The locomotives of the Dundalk, Newry and Greenore Railway (DNGR) were six 0-6-0ST (saddle tanks), with inside cylinders. All were built at Crewe Works.

==History==

The DNGR was owned by the London and North Western Railway (LNWR) and the locomotives were based on the LNWR Special Tanks, but built for Irish gauge and with larger driving wheels, 5 ft 2+1/2 in instead of 4 ft 5+1/2 in. The locomotives were all built at the LNWR's Crewe Works, England. The first three were built in 1873, followed by another two in 1876 and a final locomotive in 1898. The sixth locomotive was not new, but was rebuilt from an LNWR DX Goods Class originally from 1867.

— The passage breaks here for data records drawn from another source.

Lemma bregmanE a b :
  edom Phi a -> interior (edom Phi) b -> bregman Phi a b = (bregman_fine a b)%:E.
Proof.
move=> da bint; rewrite /bregman asboolT //.
by rewrite (edom_fineK Phi_gtNy da) (edom_fineK Phi_gtNy (nbhs_singleton bint)) -!EFinB.
Qed.

Lemma bregman_fine_four_point a a' b b' :
  bregman_fine a b' - bregman_fine a b - (bregman_fine a' b' - bregman_fine a' b) =
  dot (grad Phi b' - grad Phi b) (a' - a).
Proof.
(* Abstracting the gradients keeps the rewrites below from unfolding [grad]. *)
rewrite /bregman_fine; move: (grad Phi b) (grad Phi b') => g g'.
by rewrite !dotBl !dotBr; ring.
Qed.

Lemma bregman_fine_ge0 a b :
  interior (edom Phi) b -> diff_at Phi b -> edom Phi a -> 0 <= bregman_fine a b.
Proof.
move=> bint db da; have dbb := nbhs_singleton bint.
rewrite /bregman_fine dot_grad subr_ge0.
apply: (@diff_le_slope _ _ _ _ _ _ 1) => // t /andP [t0 t1].
have -> : b + t *: (a - b) = t *: a + (1 - t) *: b.
  by rewrite scalerBr scalerBl scale1r addrCA addrA.
have t01 : 0 < t < 1 by rewrite t0.
by have [_] := convex_fine Phi_gtNy Phi_convex da dbb t01; lra.
Qed.

End Bregman.

Section InexactBregmanProximalPoint.
Variables (R : realType) (n : nat) (Phi : 'rV[R]_n -> \bar R) (T : 'rV[R]_n -> set 'rV[R]_n).
Variables (z p w : nat -> 'rV[R]_n) (sigma rho : nat -> R).
Local Notation D := (bregman_fine Phi).
Hypothesis Phi_gtNy : forall x, (-oo < Phi x)%E.
Hypothesis edom_Phi_neq0 : exists x0, edom Phi x0.
Hypothesis Phi_lsc : lsc_fun Phi.
Hypothesis Phi_convex : convex_fun Phi.
Hypothesis Phi_esc : essentially_strictly_convex Phi.
Hypothesis Phi_diff : forall x, interior (edom Phi) x -> diff_at Phi x.
Hypothesis T_monotone : monotone_op T.
Hypothesis z_int : forall k, interior (edom Phi) (z k).
Hypothesis sigma_ge0 : forall k, 0 <= sigma k.
Hypothesis rho_le1 : forall k, rho k <= 1.
Hypothesis p_dom : forall k, edom Phi (p k).
Hypothesis w_T : forall k, T (p k) (w k).
Hypothesis step_int :
  forall k, interior (edom (conj_fun Phi)) (grad Phi (z k) - sigma k *: w k).
Hypothesis z_next :
  forall k, z k.+1 = grad (conj_fun Phi) (grad Phi (z k) - sigma k *: w k).
Hypothesis bregman_tol :
  forall k, (bregman Phi (p k) (z k.+1) <= (rho k)%:E * bregman Phi (p k) (z k))%E.
(* Let $\vec\nu=(\nu_2,\dots,\nu_{N-1})$ and $\vec\xi=(\xi_2,\dots,\xi_{N-1})$ be irreducible sequences of ordinals $<\varepsilon_{\mathbb{K}+2}$. If $\vec\nu<_{lx}\vec\xi$, then $o(\vec\nu)<o(\vec\xi)$.
   Context: Fix an integer $N\ge3$ and let $\mathbb{K}$ be an infinite cardinal (in the paper, the least $\Pi^1_{N-2}$-indescribable cardinal). $\Lambda=\varepsilon_{\mathbb{K}+1}$, and $\varepsilon_{\mathbb{K}+2}$ is the next epsilon number. Every $0<\xi<\varepsilon_{\mathbb{K}+2}$ has a unique Cantor normal form $\xi=\Lambda^{\xi_m}a_m+\cdots+\Lambda^{\xi_0}a_0$ with $\xi_m>\cdots>\xi_0$ and $0<a_i<\Lambda$. For $\xi>1$: $he(\xi)=\xi_m$, $Tl(\xi)=\Lambda^{\xi_0}a_0$; $he(i)=Tl(i)=i$ for $i\in\{0,1\}$. $he^{(0)}(\xi)=\xi$, $he^{(j+1)}(\xi)=he(he^{(j)}(\xi))$. $\Lambda_0(\xi)=\xi$, $\Lambda_{j+1}(\xi)=\Lambda^{\Lambda_j(\xi)}$. $\vec\xi=(\xi_2,\dots,\xi_{N-1})$ is irreducible iff for all $2\le i<N-1$ and $j>0$ with $i+j\le N-1$: $\xi_i>0$ implies $Tl(\xi_i)\ge\Lambda_j(\xi_{i+j}+1)$. For irreducible $\vec\xi$, $o(\vec\xi)=\sum\{\Lambda_{i-1}(\xi_i+1):2\le i\le N-1,\ \xi_i\ne0\}$, the summands taken in order of increasing $i$ (left to right); $o(\vec 0)=0$. $<_{lx}$: for $\vec\nu\ne\vec\xi$ (both indexed $2,\dots,N-1$), let $i$ be least with $\nu_i\ne\xi_i$, suppose $(\xi_i,\dots,\xi_{N-1})$ is not all zero, and let $k_1\ge i$ be least with $\xi_{k_1}\ne0$. Then $\vec\nu<_{lx}\vec\xi$ iff either $(\nu_i,\dots,\nu_{N-1})$ is all zero, or, letting $k_0\ge i$ be least with $\nu_{k_0}\ne0$, one of: (a) $i=k_0<k_1$ and $he^{(k_1-i)}(\nu_i)\le\xi_{k_1}$; (b) $k_0\ge k_1=i$ and $\nu_{k_0}<he^{(k_0-i)}(\xi_i)$. (If $(\xi_i,\dots,\xi_{N-1})$ is all zero, $\vec\nu<_{lx}\vec\xi$ fails.) *)

(* A model of (set-sized) ordinals as Brouwer/Aczel trees with
   arbitrary Type-indexed branching; ordinal equality is [oeq] (extensional). *)
From Stdlib Require Import Arith Lia ClassicalEpsilon.
Lemma tau_open_eball A q r : tau_open A (eball q r `&` Xn).
Proof.
split=> [y [] //|y [yq [Py|Ly]]].
  have [V [bV sV]] := basic_Pn_sub A Py yq.
  by exists V; split => // z /sV [zq Pz]; split; [|left].
have d_gt0 : 0 < r - edist y q by rewrite subr_gt0.
have [Ay|nAy] := pselect (A y).
  exists (eball y (r - edist y q) `&` Xn); split.
    by apply: Or32; split => //; exists (r - edist y q).
  move=> z [zy Xz]; split => //.
  by have := edist_triangle z y q; move: zy; rewrite /eball /=; lra.
have e_gt0 : 0 < (r - edist y q) / 2 by rewrite divr_gt0.
exists (tball y ((r - edist y q) / 2)); split.
  by apply: Or33; split => //; exists ((r - edist y q) / 2).
move=> z zy; split; last exact: tball_sub_Xn zy.
have := tball_edist_lt Ly e_gt0 zy; have := edist_triangle z y q.
by rewrite /eball /=; lra.
Qed.

Lemma tau_open_tball A a e : Ln a -> ~ A a -> 0 < e -> tau_open A (tball a e).
Proof.
move=> La nAa e_gt0; split=> [|y [->|y_near]]; first exact: tball_sub_Xn.
  by exists (tball a e); split => //; apply: Or33; split => //; exists e.
have [V [bV sV]] := basic_Pn_sub A (eball_lift_sub_Pn y_near) y_near.
by exists V; split => // z /sV [? _]; right.
Qed.

Lemma tau_open_Xn_setD A C : A `<=` Ln -> C `<=` A ->
  (forall y, A y -> ~ C y -> exists2 e, 0 < e & forall z, edist z y < e -> ~ C z) ->
  tau_open A (Xn `\` C).
Proof.
move=> A_sub C_sub C_closed; split=> [y [] //|y [[Py|Ly] nCy]].
- have [|V [bV sV]] := basic_Pn_sub A Py (q := y) (r := 1); first by rewrite edistxx.
  exists V; split => // z /sV [_ Pz]; split; first by left.
  by move=> /C_sub /A_sub /(Pn_notLn Pz).
have [Ay|nAy] := pselect (A y).
  have [e e_gt0 e_far] := C_closed y Ay nCy.
  exists (eball y e `&` Xn); split; first by apply: Or32; split => //; exists e.
  by move=> z [zy Xz]; split => //; exact: e_far.
exists (tball y 1); split; first by apply: Or33; split => //; exists 1.
move=> z zy; split; first exact: tball_sub_Xn zy.
case: zy => [-> //|/eball_lift_sub_Pn Pz].
by move=> /C_sub /A_sub /(Pn_notLn Pz).
Qed.

Lemma tau_closed_sub_Ln A : A `<=` Ln -> closed_in Xn (tau_open A) A.
Proof.
move=> A_sub; split; first by move=> y /A_sub; right.
by apply: tau_open_Xn_setD.
Qed.

Lemma tau_open_Ln_eball A U a : tau_open A U -> Ln a -> A a -> U a ->
  exists2 e, 0 < e & forall y, Ln y -> edist y a < e -> U y.
Proof.
move=> [_ U_open] La Aa /U_open[V [[[/Pn_notLn //]|[_ _ [e [e_gt0 ->]]]|[]//] sV]].
by exists e => // y Ly ya; apply: sV; split; [|right].
Qed.

End HalfSpace.

(* Matrices carry complete and normed-module structures, but their join, which
   [Baire] requires, is not declared by the library. *)
HB.instance Definition _ (R : realType) (m k : nat) := Complete.on 'M[R]_(m, k).

Section BaireLn.
Variables (R : realType) (n : nat).
Local Notation Ln := (@Defs.Ln R n.+1).

Definition nowhere_dense_Ln (P : set (pt R n.+1)) : Prop :=
  forall c r, Ln c -> 0 < r -> exists c' r', [/\ Ln c', edist c' c < r, 0 < r' &
    forall y, Ln y -> edist y c' < r' -> ~ P y].

(* [Ln] is parametrised by the complete normed space ['rV_n.+1] (the last entry
   is ignored), which is where [Baire] applies. *)
Definition Ln_of_row (v : 'rV[R]_n.+1) : pt R n.+1 :=
  fun i => if i == ord_max then 0 else v ord0 i.

Lemma Ln_Ln_of_row v : Ln (Ln_of_row v).
Proof. by rewrite /Defs.Ln /= lastcE /Ln_of_row eqxx. Qed.

Lemma edist_Ln_of_row (v w : 'rV[R]_n.+1) d :
  ball v d w -> edist (Ln_of_row v) (Ln_of_row w) <= n.+1%:R * d.
Proof.
move=> [d_gt0 vw]; apply: edist_le_coord_bound => i; rewrite /Ln_of_row.
by case: eqP => _; [rewrite subrr normr0 ltW | exact: ltW (vw ord0 i)].
Qed.
(* Let $a_{1}<a_{2}<a_{3}<\cdots$ be a strictly increasing infinite sequence of positive integers, let $A=\{a_{1},a_{2},a_{3},\ldots\}$, and let $n>0$ be an integer such that: (1) whenever $m>n$, there exist indices $i<r\leq s<j$ with $a_{m}=a_{i}+a_{j}=a_{r}+a_{s}$; and (2) whenever $a=a_{i}+a_{j}=a_{r}+a_{s}>a_{n}$ for some indices $i<r<s<j$, then $a=a_{m}$ for some $m>n$. Suppose $d,a,b$ are integers such that the five numbers $d,a,b,a+d,b+d$ are pairwise distinct and all belong to $A$, and suppose $a_{n}<k$ where $k=a+b+d$. Then every positive multiple of $k$ belongs to $A$, i.e., $mk\in A$ for all integers $m\geq 1$. *)

(* Plain MathComp (ssrnat). Sequences are 1-indexed: a : nat -> nat, only
   indices i >= 1 are meaningful; a 0 is ignored. *)
From mathcomp Require Import all_boot.
Set Implicit Arguments. Unset Strict Implicit. Unset Printing Implicit Defensive.

Definition strictly_increasing_pos (a : nat -> nat) : Prop :=
  (forall i, 1 <= i -> 0 < a i) /\ (forall i j, 1 <= i -> i < j -> a i < a j).

Definition inA (a : nat -> nat) (x : nat) : Prop := exists i, 1 <= i /\ a i = x.

Definition cond1 (a : nat -> nat) (n : nat) : Prop :=
  forall m, n < m -> exists i r s j,
    [/\ 1 <= i, i < r, r <= s, s < j & a m = a i + a j /\ a m = a r + a s].

Definition cond2 (a : nat -> nat) (n : nat) : Prop :=
  forall i r s j, 1 <= i -> i < r -> r < s -> s < j ->
    a i + a j = a r + a s -> a n < a i + a j ->
    exists m, n < m /\ a m = a i + a j.

(* Write k = x + y + d; only condition (2) is needed.  It says that A contains
   the outer sum p + s of any four elements p < q < r < s of A with
   p + s = q + r > a_n.  Assuming x < y, this applied to x, y, x + d, y + d
   (distinct since y <> x + d) gives k, and applied to d, x + d, y + d, k it gives
   k + d.  If c >= k and c, c + d lie in A, the quadruples (x, x + d, c, c + d)
   and (y, y + d, c, c + d) give c + x + d and c + y + d, and then
   (x, y, c + x + d, c + y + d) and (x + d, y + d, c + x + d, c + y + d) give
   c + k and c + k + d.  Induction on m yields m k (together with m k + d). *)
From mathcomp Require Import all_boot.
From mathcomp Require Import zify.

Set Implicit Arguments.
Unset Strict Implicit.
Unset Printing Implicit Defensive.

Section SumsInA.

Variables (a : nat -> nat) (n : nat).
Hypotheses (a_inc : strictly_increasing_pos a) (a_cond2 : cond2 a n).

Lemma inA_gt0 z : inA a z -> 0 < z.
Proof. by case: a_inc => a_pos _ [i [i_gt0 <-]]; apply: a_pos. Qed.

Lemma ltn_index i j : 1 <= i -> 1 <= j -> a i < a j -> i < j.
Proof.
case: a_inc => _ a_lt i_gt0 j_gt0; rewrite (ltnNge i j); apply: contraTN.
by rewrite -leqNgt leq_eqVlt => /predU1P[->//|/(a_lt _ _ j_gt0)/ltnW].
Qed.

Lemma inA_outer_sum p q r s :
  inA a p -> inA a q -> inA a r -> inA a s -> p < q -> q < r -> r < s ->
  p + s = q + r -> a n < p + s -> inA a (p + s).
Proof.
move=> [i [i_gt0 <-]] [i' [i'_gt0 <-]] [j' [j'_gt0 <-]] [j [j_gt0 <-]].
move=> /(ltn_index i_gt0 i'_gt0) ii' /(ltn_index i'_gt0 j'_gt0) i'j'.
move=> /(ltn_index j'_gt0 j_gt0) j'j sum_eq sum_gt.
have [m [nm <-]] := a_cond2 i_gt0 ii' i'j' j'j sum_eq sum_gt.
by exists m; split; first exact: leq_ltn_trans nm.
Qed.

Variables d x y : nat.
Hypotheses (Ad : inA a d) (Ax : inA a x) (Ay : inA a y).
Hypotheses (Axd : inA a (x + d)) (Ayd : inA a (y + d)).
Hypotheses (x_lt_y : x < y) (y_neq_xd : y != x + d) (an_lt_k : a n < x + y + d).

Local Notation k := (x + y + d).

Let d_gt0 : 0 < d := inA_gt0 Ad.
Let x_gt0 : 0 < x := inA_gt0 Ax.
Let y_gt0 : 0 < y := inA_gt0 Ay.

Lemma inA_sum_base : inA a k /\ inA a (k + d).
Proof.
have Ak : inA a k.
  rewrite -addnA; have [y_lt_xd | xd_lt_y | y_eq_xd] := ltngtP y (x + d).
  - by apply: (inA_outer_sum Ax Ay Axd Ayd); lia.
  - by apply: (inA_outer_sum Ax Axd Ay Ayd); lia.
  - by move: y_neq_xd; rewrite y_eq_xd eqxx.
split=> //; rewrite addnC.
by apply: inA_outer_sum Ad Axd Ayd Ak _ _ _ _ _; lia.
Qed.

Lemma inA_sum_shift c : k <= c -> inA a c -> inA a (c + d) ->
  inA a (c + k) /\ inA a (c + k + d).
Proof.
move=> k_le_c Ac Acd.
have Acxd : inA a (c + x + d).
  rewrite -addnA addnCA; apply: inA_outer_sum Ax Axd Ac Acd _ _ _ _ _; lia.
have Acyd : inA a (c + y + d).
  rewrite -addnA addnCA; apply: inA_outer_sum Ay Ayd Ac Acd _ _ _ _ _; lia.
have -> : c + k = x + (c + y + d) by lia.
have -> : x + (c + y + d) + d = x + d + (c + y + d) by lia.
split; first by apply: (inA_outer_sum Ax Ay Acxd Acyd); lia.
by apply: (inA_outer_sum Axd Ayd Acxd Acyd); lia.
Qed.

Lemma inA_mul_sum m : 0 < m -> inA a (m * k) /\ inA a (m * k + d).
Proof.
elim: m => [//|[_ _ | m IH _]]; first by rewrite mul1n; exact: inA_sum_base.
have [Amk Amkd] := IH isT.
by rewrite mulSnr; apply: inA_sum_shift; rewrite ?leq_pmull.
Qed.

End SumsInA.

Theorem lemma1 (a : nat -> nat) (n d x y : nat) :
  strictly_increasing_pos a -> 0 < n -> cond1 a n -> cond2 a n ->
  uniq [:: d; x; y; x + d; y + d] ->
  inA a d -> inA a x -> inA a y -> inA a (x + d) -> inA a (y + d) ->
  a n < x + y + d ->
  forall m, 1 <= m -> inA a (m * (x + y + d)).
Proof.
move=> a_inc _ _ a_cond2 uniq_dxy Ad Ax Ay Axd Ayd an_lt_k m m_gt0.
move: uniq_dxy; rewrite /= !inE !negb_or.
move=> /and5P[_ /and3P[x_neq_y _ x_neq_yd] /andP[y_neq_xd _] _ _].
have [x_lt_y | y_lt_x | x_eq_y] := ltngtP x y.
- by case: (inA_mul_sum a_inc a_cond2 Ad Ax Ay Axd Ayd x_lt_y y_neq_xd an_lt_k m_gt0).
- rewrite [x + y]addnC in an_lt_k *.
  by case: (inA_mul_sum a_inc a_cond2 Ad Ay Ax Ayd Axd y_lt_x x_neq_yd an_lt_k m_gt0).
- by rewrite x_eq_y eqxx in x_neq_y.
Qed.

The locomotives were painted in LNWR livery. They were numbered in order of building from 1 to 6 and also carried names.

| Number | Name | Works No. | Date built |
|---|---|---|---|
| 1 | Macrory | 1509 | 1873 |
| 2 | Greenore | 1510 | 1873 |
| 3 | Dundalk | 1511 | 1873 |
| 4 | Newry | 1962 | 1876 |
| 5 | Carlingford | 1963 | 1876 |
| 6 | Holyhead | 3877 | 1898 |

In 1933 the Great Northern Railway (Ireland) (GNR) took over operation of the DNGR and began using its own locomotives for passenger trains, with the line's original locomotives remaining in use for goods services.

During World War II three of the remaining five locomotives (Nos. 1, 4 and 6) were loaned to the Northern Counties Committee and used for shunting duties around York Road, Belfast and in Coleraine, but all were returned by 1946 due to not being satisfactory to NCC's needs.

== Withdrawal ==

Locomotive No. 5 Carlingford was scrapped in 1929. Nos. 2 and 6 were out of use by 1948 and scrapped with Nos. 3 and 6 at Sutton, Dublin in 1952 after the DNGR closed. Consideration was given to the preservation of locomotive No. 1 Macrory but, in the end, no locomotives were preserved.